Wrapup of GO-MWU
Last post, I had run GO-MWU on my two analyses - Elevated Day 2 vs. Ambient Day 0+2 (individual libraries only), and Ambient Day 0+2+17 + Elevated Day 0 + Lowered Day 0 vs. Elevated Day 2 (individual and pooled libraries).
I’ve been continuing on a bunch of different analyses and running them through my pipeline. Reminder: pipeline is kallisto matrix -> DESeq2 -> GO-MWU (with steps in between for formatting). I’ve ran the following pairwise comparisons all the way through both:
- Ambient Day 0 vs. Ambient Day 2 (individual libraries only)
- Ambient Day 0 vs. Ambient Day 17 (individual libraries only)
- Ambient Day 2 vs. Ambient Day 17 (individual libraries only)
- Ambient Day 2 vs. Elevated Day 2 (individual libraries only)
- Elevated Day 0 vs. Elevated Day 2 (individual libraries only)
Here’s a link to all visualizations of significant GO categories, and here’s a link to the output from GO-MWU.
Findings from GO-MWU analyses:
- Tons of significant GO categories for Ambient Day 0 or 2 vs. 17!

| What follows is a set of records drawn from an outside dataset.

(* Let $\mathcal A,\mathcal B$ be finite alphabets, let $\sigma:\mathcal A^*\to\mathcal B^*$ be a non-erasing monoid morphism, and let $X\subseteq\mathcal A^{\mathbb Z}$ be a subshift. Write $\sigma=\alpha_\sigma\circ\pi_\sigma$ with $\pi_\sigma:\mathcal A^*\to\mathcal A_\sigma^*$ the subdivision morphism and $\alpha_\sigma:\mathcal A_\sigma^*\to\mathcal B^*$ the associated letter-to-letter morphism, and let $\alpha^X_\sigma:\pi_\sigma(X)\to\sigma(X)$ be the restriction/co-restriction of $\alpha_\sigma^{\mathbb Z}:\mathcal A_\sigma^{\mathbb Z}\to\mathcal B^{\mathbb Z}$. Then the following are equivalent: (1) $\sigma$ is recognizable in $X$; (2) $\alpha^X_\sigma$ is an isomorphism of subshifts (a shift-commuting homeomorphism); (3) $\alpha_\sigma$ is shift-orbit injective and shift-period preserving in $\pi_\sigma(X)$; (4) $\sigma$ is shift-orbit injective and shift-period preserving in $X$.
   Context: A subshift $X\subseteq\mathcal A^{\mathbb Z}$ is a non-empty closed subset invariant under the shift $T$, $T(\mathbf x)_i=x_{i+1}$. A morphism $\sigma$ is non-erasing if $|\sigma(a)|\ge1$ for all letters $a$. For $\mathbf x=\ldots x_{-1}x_0x_1\ldots\in\mathcal A^{\mathbb Z}$, $\sigma^{\mathbb Z}(\mathbf x)$ is the biinfinite word whose positive half $\mathbf y_{[1,\infty)}$ is $\sigma(x_1)\sigma(x_2)\ldots$ and whose negative part is $\ldots\sigma(x_{-1})\sigma(x_0)$ (ending at index $0$). The image subshift $\sigma(X)$ is the smallest subshift containing $\sigma^{\mathbb Z}(X)$ (equivalently the union of the shift-orbits of the $\sigma^{\mathbb Z}(\mathbf x)$, $\mathbf x\in X$). Subdivision: $\mathcal A_\sigma=\{a(k): a\in\mathcal A,\ 1\le k\le|\sigma(a)|\}$, $\pi_\sigma(a)=a(1)a(2)\cdots a(|\sigma(a)|)$, and $\alpha_\sigma(a(k))$ is the $k$-th letter of $\sigma(a)$. $\sigma$ is recognizable in $X$ if: whenever $\mathbf x,\mathbf x'\in X$, $\mathbf y\in\mathcal B^{\mathbb Z}$ satisfy $\mathbf y=T^k(\sigma^{\mathbb Z}(\mathbf x))=T^\ell(\sigma^{\mathbb Z}(\mathbf x'))$ with $0\le k\le|\sigma(x_1)|-1$ and $0\le\ell\le|\sigma(x'_1)|-1$, then $\mathbf x=\mathbf x'$ and $k=\ell$. $\sigma$ is shift-orbit injective in $X$ if for $\mathbf x,\mathbf y\in X$, $\sigma^{\mathbb Z}(\mathbf x)$ and $\sigma^{\mathbb Z}(\mathbf y)$ lie in the same shift-orbit iff $\mathbf x,\mathbf y$ lie in the same shift-orbit. $\sigma$ is shift-period preserving in $X$ if for every periodic word $w^{\pm\infty}=\ldots www\ldots\in X$ ($w$ non-empty), $w$ is a proper power (i.e. $w=u^m$ with $m\ge2$) iff $\sigma(w)$ is a proper power. *)

From Stdlib Require Import ZArith.
From mathcomp Require Import all_boot.
Set Implicit Arguments. Unset Strict Implicit. Unset Printing Implicit Defensive.

Definition shiftn {T : Type} (k : Z) (x : Z -> T) : Z -> T := fun i => x (i + k)%Z.
Definition shift {T : Type} (x : Z -> T) : Z -> T := shiftn 1 x.

Definition agree {T : Type} (n : nat) (x y : Z -> T) : Prop :=
  forall i : Z, (Z.abs i <= Z.of_nat n)%Z -> x i = y i.

(* closedness for the product topology (discrete alphabet) *)
Definition closedZ {T : Type} (X : (Z -> T) -> Prop) : Prop :=
  forall x, (forall n : nat, exists y, X y /\ agree n y x) -> X x.

Definition subshift {T : Type} (X : (Z -> T) -> Prop) : Prop :=
  (exists x, X x) /\ closedZ X /\ (forall x, X x <-> X (shift x)).

(* a morphism A^* -> B^* is given by the images of the letters *)
Definition nonerasing {A B : Type} (s : A -> seq B) : Prop :=
  forall a, (0 < size (s a))%N.

Definition cut (len : Z -> nat) (n : Z) : Z :=
  if (0 <=? n)%Z then Z.of_nat (\sum_(i < Z.to_nat n) len (Z.of_nat i + 1)%Z)
  else (- Z.of_nat (\sum_(i < Z.to_nat (- n)) len (- Z.of_nat i)%Z))%Z.

(* sigZ s x y  <->  y = s^Z(x): the block s(x_i) occupies positions
   cut(i-1)+1 .. cut(i); in particular y_[1,oo) = s(x_1)s(x_2)... and the
   negative part ... s(x_-1)s(x_0) ends at index 0. *)
Definition sigZ {A B : Type} (s : A -> seq B) (x : Z -> A) (y : Z -> B) : Prop :=
  forall (i : Z) (k : nat), (k < size (s (x i)))%N ->
    y (cut (fun j => size (s (x j))) (i - 1) + 1 + Z.of_nat k)%Z
    = nth (y 0%Z) (s (x i)) k.

Definition imageZ {A B : Type} (s : A -> seq B) (X : (Z -> A) -> Prop) (y : Z -> B) : Prop :=
  exists x z k, X x /\ sigZ s x z /\ y = shiftn k z.

Definition recognizable {A B : Type} (s : A -> seq B) (X : (Z -> A) -> Prop) : Prop :=
  forall (x x' : Z -> A) (z z' : Z -> B) (k l : nat),
    X x -> X x' -> sigZ s x z -> sigZ s x' z' ->
    (k < size (s (x 1%Z)))%N -> (l < size (s (x' 1%Z)))%N ->
    shiftn (Z.of_nat k) z = shiftn (Z.of_nat l) z' ->
    x = x' /\ k = l.

Definition same_orbit {T : Type} (x y : Z -> T) : Prop := exists k : Z, y = shiftn k x.

Definition orbit_injective {A B : Type} (s : A -> seq B) (X : (Z -> A) -> Prop) : Prop :=
  forall (x x' : Z -> A) (z z' : Z -> B), X x -> X x' -> sigZ s x z -> sigZ s x' z' ->
    (same_orbit z z' <-> same_orbit x x').

Definition proper_power {T : Type} (u : seq T) : Prop :=
  exists (v : seq T) (m : nat), (2 <= m)%N /\ u = flatten (nseq m v).

(* the periodic word w^{+-oo} for the non-empty word w = a :: w',
   (w^{+-oo})_i = w_(i mod |w|) *)
Definition perw {T : Type} (a : T) (w : seq T) : Z -> T :=
  fun i => nth a (a :: w) (Z.to_nat (Z.modulo i (Z.of_nat (size w).+1))).

Definition period_preserving {A B : Type} (s : A -> seq B) (X : (Z -> A) -> Prop) : Prop :=
  forall (a : A) (w : seq A), X (perw a w) ->
    (proper_power (a :: w) <-> proper_power (flatten (map s (a :: w)))).

(* subdivision: A_s = { a(k) }, a(k) encoded as (a, k-1) with k-1 < |s a| *)
Definition subdiv_alph {A B : Type} (s : A -> seq B) : Type := {a : A & 'I_(size (s a))}.

Definition pi_sub {A B : Type} (s : A -> seq B) (a : A) : seq (subdiv_alph s) :=
  map (fun k => existT (fun b => 'I_(size (s b))) a k) (enum 'I_(size (s a))).

Definition alpha_letter {A B : Type} (s : A -> seq B) (p : subdiv_alph s) : B :=
  tnth (in_tuple (s (projT1 p))) (projT2 p).

Definition alpha_morph {A B : Type} (s : A -> seq B) (p : subdiv_alph s) : seq B :=
  [:: alpha_letter p].

Definition alphaZ {A B : Type} (s : A -> seq B) (y : Z -> subdiv_alph s) : Z -> B :=
  fun i => alpha_letter (y i).

(* f restricted to S, co-restricted to S', is an isomorphism of subshifts:
   a shift-commuting homeomorphism from S onto S' *)
Definition subshift_iso {T U : Type} (S : (Z -> T) -> Prop) (S' : (Z -> U) -> Prop)
    (f : (Z -> T) -> (Z -> U)) : Prop :=
  (forall x, S x -> S' (f x)) /\
  (forall x x', S x -> S x' -> f x = f x' -> x = x') /\
  (forall y, S' y -> exists x, S x /\ f x = y) /\
  (forall x, S x -> f (shift x) = shift (f x)) /\
  (forall x, S x -> forall n, exists m, forall x', S x' -> agree m x x' -> agree n (f x) (f x')) /\
  (forall x, S x -> forall n, exists m, forall x', S x' -> agree m (f x) (f x') -> agree n x x').

(* Recognizability amounts to orbit injectivity together with the lifting
   of periods: every period d of σ^Z(x) is the length cut(i) of the image of a period i of x
   (write d = cut(i) + k with k inside block i+1 and apply recognizability to T^i x and x).
   Lifted periods give period preservation, since a period of σ(w)^{±∞} strictly between 0 and
   |σ(w)| lifts to a period of w^{±∞} strictly between 0 and |w|.  Conversely, if σ is orbit
   injective and σ^Z(x) is periodic then so is x: otherwise the orbit closure of x, mapped into
   the finite orbit of σ^Z(x), would be the orbit of x, a countable compact set without
   isolated points.  Period preservation then lifts periods by descent on a period of x.
   Every letter a(k) of the subdivision records its position in its block, so π_σ is
   recognizable, and recognizability of σ = α_σ ∘ π_σ means injectivity of α_σ on π_σ(X),
   which is recognizability of the letter-to-letter α_σ; by compactness an injective
   letter-to-letter map on a subshift has a continuous inverse. *)

From Pilot Require Import Defs.
From Stdlib Require Import ZArith Lia FunctionalExtensionality ClassicalEpsilon Classical.
From mathcomp Require Import all_boot zify.

Set Implicit Arguments.
Unset Strict Implicit.
Unset Printing Implicit Defensive.

(** * Block decomposition of Z *)

Lemma cut0 (L : Z -> nat) : cut L 0 = 0%Z.
Proof. by rewrite /cut /= big_ord0. Qed.

Lemma cutS (L : Z -> nat) (n : Z) : cut L n = (cut L (n - 1) + Z.of_nat (L n))%Z.
Proof.
rewrite /cut; case: (Z.leb_spec 0 n) => n_ge0.
- case: (Z.leb_spec 0 (n - 1)) => n1_ge0.
  + have -> : Z.to_nat n = (Z.to_nat (n - 1)).+1 by lia.
    rewrite big_ord_recr /= Nat2Z.inj_add.
    by have -> : (Z.of_nat (Z.to_nat (n - 1)) + 1 = n)%Z by lia.
  + have -> : n = 0%Z by lia.
    rewrite /= big_ord0 big_ord_recr /= big_ord0 /=; lia.
- case: (Z.leb_spec 0 (n - 1)) => n1_ge0; first lia.
  have -> : Z.to_nat (- (n - 1)) = (Z.to_nat (- n)).+1 by lia.
  rewrite big_ord_recr /= Nat2Z.inj_add.
  have -> : (- Z.of_nat (Z.to_nat (- n)))%Z = n by lia.
  lia.
Qed.

Lemma cut_const1 (n : Z) : cut (fun _ => 1%N) n = n.
Proof.
elim/Z.peano_ind: n => [|n IHn|n IHn]; first exact: cut0.
- by rewrite cutS (_ : Z.succ n - 1 = n)%Z ?IHn; lia.
- by move: IHn; rewrite (cutS _ n) -Z.sub_1_r; lia.
Qed.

- Not many significant GO categories when looking at different crabs with different temperature groups (ex: Day 2 ambient vs. Day 2 elevated). However, when we track the same crabs over time (ex: Day 0 elevated vs. Day 2 elevated), we see quite a few significant GO categories. Reminder: Day 0 elevated samples were taken when all crabs were held at ambient water temperature.
- To me, the most promising areas for further analysis are Ambient Day 0 vs. Ambient Day 17, Ambient Day 2 vs. Ambient Day 17, and Elevated Day 0 vs. Elevated Day 2
What direction to go next
At this point, the project is splitting along two general lines - DEG analysis and correlation analysis. I’ll break down the plans for each of those.
DEG analysis:
The goal of this is to investigate the role of temperature on Hematodinium and C. bairdi expression. Lists of DEGs will be produced for two particularly relevant comparisons - Ambient Day 2 vs. Elevated Day 2 (individual libraries only) and Elevated Day 0 vs. Elevated Day 2 (individual libraries only). Both contrast samples taken at ambient temperatures vs. samples taken at elevated temperatures.
We will take these DEGs and BLAST them against an NCBI database of all Alveolata sequences (Alveolata is the superphylum containing Hematodinium, as there are relatively few Hematodinium sequences). From there, we can specifically investigate differentially-expressed Hematodinium genes on an individual level.
Correlation Analysis
Essentially, this tries to determine the roles of both temperature and time. This involves taking a table of all genes and their transcripts per million (TPM) from the kallisto output files, and examining the correlation.
I’m still in the really early stages of figuring this stuff out, but based on the lab meeting today, there are two possibilities for a correlation analysis.
Option 1: ANOVA-simultaneous component analysis (ASCA). Shelly’s done quite a bit of work on this, including a paper that examines the effect of both temperature and time, which seems extremely relevant to what I’m doing.
Option 2: Weighted correlation network analysis (WGCNA). Yaamini’s the expert on this one - here’s a script she wrote.
Both seem like good options, but I’m not really working on this immediately. My plan is to try out the WGCNA tutorial Yaamini linked in her script, do some reading, and see which one I prefer/fits project goals better.